▶ _What you will do_
Your answer should be the lines below from the one with "Definition Aplus (N" to the one with "Definition isolated_invariant (K", both included, given again exactly and with nothing added.

Excerpts from a dataset:
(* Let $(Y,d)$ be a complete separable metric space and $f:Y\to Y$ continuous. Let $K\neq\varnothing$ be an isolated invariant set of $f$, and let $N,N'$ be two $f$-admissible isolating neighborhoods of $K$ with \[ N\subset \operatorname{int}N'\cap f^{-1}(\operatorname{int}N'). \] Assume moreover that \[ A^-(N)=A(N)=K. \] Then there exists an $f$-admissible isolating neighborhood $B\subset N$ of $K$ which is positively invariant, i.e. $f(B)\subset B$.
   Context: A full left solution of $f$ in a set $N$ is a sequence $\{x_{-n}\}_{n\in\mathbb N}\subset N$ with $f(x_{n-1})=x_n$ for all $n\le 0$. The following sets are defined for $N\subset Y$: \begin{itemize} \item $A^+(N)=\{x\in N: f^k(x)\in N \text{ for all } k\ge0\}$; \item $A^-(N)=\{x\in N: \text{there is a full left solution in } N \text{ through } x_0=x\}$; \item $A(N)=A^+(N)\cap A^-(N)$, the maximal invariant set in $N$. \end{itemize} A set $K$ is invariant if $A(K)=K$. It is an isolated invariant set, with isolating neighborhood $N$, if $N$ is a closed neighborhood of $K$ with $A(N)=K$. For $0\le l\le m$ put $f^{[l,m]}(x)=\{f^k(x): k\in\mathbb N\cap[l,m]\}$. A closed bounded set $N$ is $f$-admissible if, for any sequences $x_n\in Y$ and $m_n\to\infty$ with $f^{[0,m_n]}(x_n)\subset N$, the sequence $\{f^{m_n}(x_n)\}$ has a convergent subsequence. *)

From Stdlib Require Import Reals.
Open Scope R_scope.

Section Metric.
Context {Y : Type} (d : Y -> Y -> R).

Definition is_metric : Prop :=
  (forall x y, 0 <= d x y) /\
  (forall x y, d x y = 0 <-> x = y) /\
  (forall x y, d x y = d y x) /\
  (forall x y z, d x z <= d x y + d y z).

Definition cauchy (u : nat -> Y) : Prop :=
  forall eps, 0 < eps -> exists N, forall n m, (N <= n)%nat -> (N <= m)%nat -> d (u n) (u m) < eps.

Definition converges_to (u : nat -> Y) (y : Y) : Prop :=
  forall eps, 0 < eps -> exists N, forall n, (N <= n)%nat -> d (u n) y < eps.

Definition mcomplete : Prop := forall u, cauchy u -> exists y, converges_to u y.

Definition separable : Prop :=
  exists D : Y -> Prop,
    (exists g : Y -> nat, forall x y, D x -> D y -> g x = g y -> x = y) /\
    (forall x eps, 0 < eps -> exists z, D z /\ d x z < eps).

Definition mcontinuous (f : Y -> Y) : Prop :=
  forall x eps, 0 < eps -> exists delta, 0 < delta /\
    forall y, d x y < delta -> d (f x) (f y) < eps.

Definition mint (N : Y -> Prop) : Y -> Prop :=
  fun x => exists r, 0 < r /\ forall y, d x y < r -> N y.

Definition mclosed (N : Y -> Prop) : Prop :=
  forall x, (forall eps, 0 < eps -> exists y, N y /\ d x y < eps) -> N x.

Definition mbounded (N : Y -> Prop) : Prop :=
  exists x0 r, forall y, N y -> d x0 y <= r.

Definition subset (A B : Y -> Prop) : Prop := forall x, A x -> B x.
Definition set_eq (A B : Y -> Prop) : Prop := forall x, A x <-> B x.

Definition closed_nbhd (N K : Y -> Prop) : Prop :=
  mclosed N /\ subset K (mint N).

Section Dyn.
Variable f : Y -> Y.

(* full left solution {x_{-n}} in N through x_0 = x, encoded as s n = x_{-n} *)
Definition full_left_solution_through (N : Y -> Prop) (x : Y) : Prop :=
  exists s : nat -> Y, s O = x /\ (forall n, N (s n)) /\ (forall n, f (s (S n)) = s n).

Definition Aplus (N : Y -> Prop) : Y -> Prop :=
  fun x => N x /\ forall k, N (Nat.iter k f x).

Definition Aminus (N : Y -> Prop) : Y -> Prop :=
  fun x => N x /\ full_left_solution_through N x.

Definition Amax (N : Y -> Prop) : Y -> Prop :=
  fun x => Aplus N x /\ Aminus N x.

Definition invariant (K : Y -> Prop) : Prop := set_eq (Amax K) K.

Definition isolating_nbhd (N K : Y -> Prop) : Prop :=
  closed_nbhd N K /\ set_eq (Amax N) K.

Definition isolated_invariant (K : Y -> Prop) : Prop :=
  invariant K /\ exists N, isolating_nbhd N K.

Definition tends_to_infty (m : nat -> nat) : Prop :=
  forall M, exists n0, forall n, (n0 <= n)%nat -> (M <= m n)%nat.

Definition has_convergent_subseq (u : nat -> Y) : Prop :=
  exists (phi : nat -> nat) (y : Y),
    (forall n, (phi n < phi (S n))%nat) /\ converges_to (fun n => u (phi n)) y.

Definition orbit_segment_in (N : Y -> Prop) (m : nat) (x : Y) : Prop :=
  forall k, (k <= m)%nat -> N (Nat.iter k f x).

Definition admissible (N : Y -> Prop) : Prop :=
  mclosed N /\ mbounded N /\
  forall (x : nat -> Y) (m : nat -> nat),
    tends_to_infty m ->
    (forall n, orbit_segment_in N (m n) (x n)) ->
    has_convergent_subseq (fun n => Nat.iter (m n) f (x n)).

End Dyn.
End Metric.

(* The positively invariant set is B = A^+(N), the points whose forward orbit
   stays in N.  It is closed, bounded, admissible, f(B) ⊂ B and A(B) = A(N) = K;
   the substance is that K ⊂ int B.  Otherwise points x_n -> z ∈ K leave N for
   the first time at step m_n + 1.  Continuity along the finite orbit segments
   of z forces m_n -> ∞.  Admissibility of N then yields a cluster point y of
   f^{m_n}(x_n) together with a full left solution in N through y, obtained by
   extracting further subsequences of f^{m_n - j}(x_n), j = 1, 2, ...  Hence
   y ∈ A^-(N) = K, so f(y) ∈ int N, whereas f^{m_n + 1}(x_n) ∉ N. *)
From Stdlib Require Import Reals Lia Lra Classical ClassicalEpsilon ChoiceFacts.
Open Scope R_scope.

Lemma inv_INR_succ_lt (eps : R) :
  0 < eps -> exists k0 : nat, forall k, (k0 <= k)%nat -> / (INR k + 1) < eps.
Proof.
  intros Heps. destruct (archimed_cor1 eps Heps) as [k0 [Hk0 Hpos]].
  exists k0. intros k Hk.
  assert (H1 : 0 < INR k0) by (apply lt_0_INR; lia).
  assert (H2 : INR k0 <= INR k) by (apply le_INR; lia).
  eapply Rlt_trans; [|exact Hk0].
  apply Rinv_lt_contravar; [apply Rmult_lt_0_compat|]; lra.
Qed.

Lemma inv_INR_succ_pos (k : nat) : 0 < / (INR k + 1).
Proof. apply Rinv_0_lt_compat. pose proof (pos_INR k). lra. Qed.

▶ _Output of the exercise_
Definition Aplus (N : Y -> Prop) : Y -> Prop :=
  fun x => N x /\ forall k, N (Nat.iter k f x).

Definition Aminus (N : Y -> Prop) : Y -> Prop :=
  fun x => N x /\ full_left_solution_through N x.

Definition Amax (N : Y -> Prop) : Y -> Prop :=
  fun x => Aplus N x /\ Aminus N x.

Definition invariant (K : Y -> Prop) : Prop := set_eq (Amax K) K.

Definition isolating_nbhd (N K : Y -> Prop) : Prop :=
  closed_nbhd N K /\ set_eq (Amax N) K.

Definition isolated_invariant (K : Y -> Prop) : Prop :=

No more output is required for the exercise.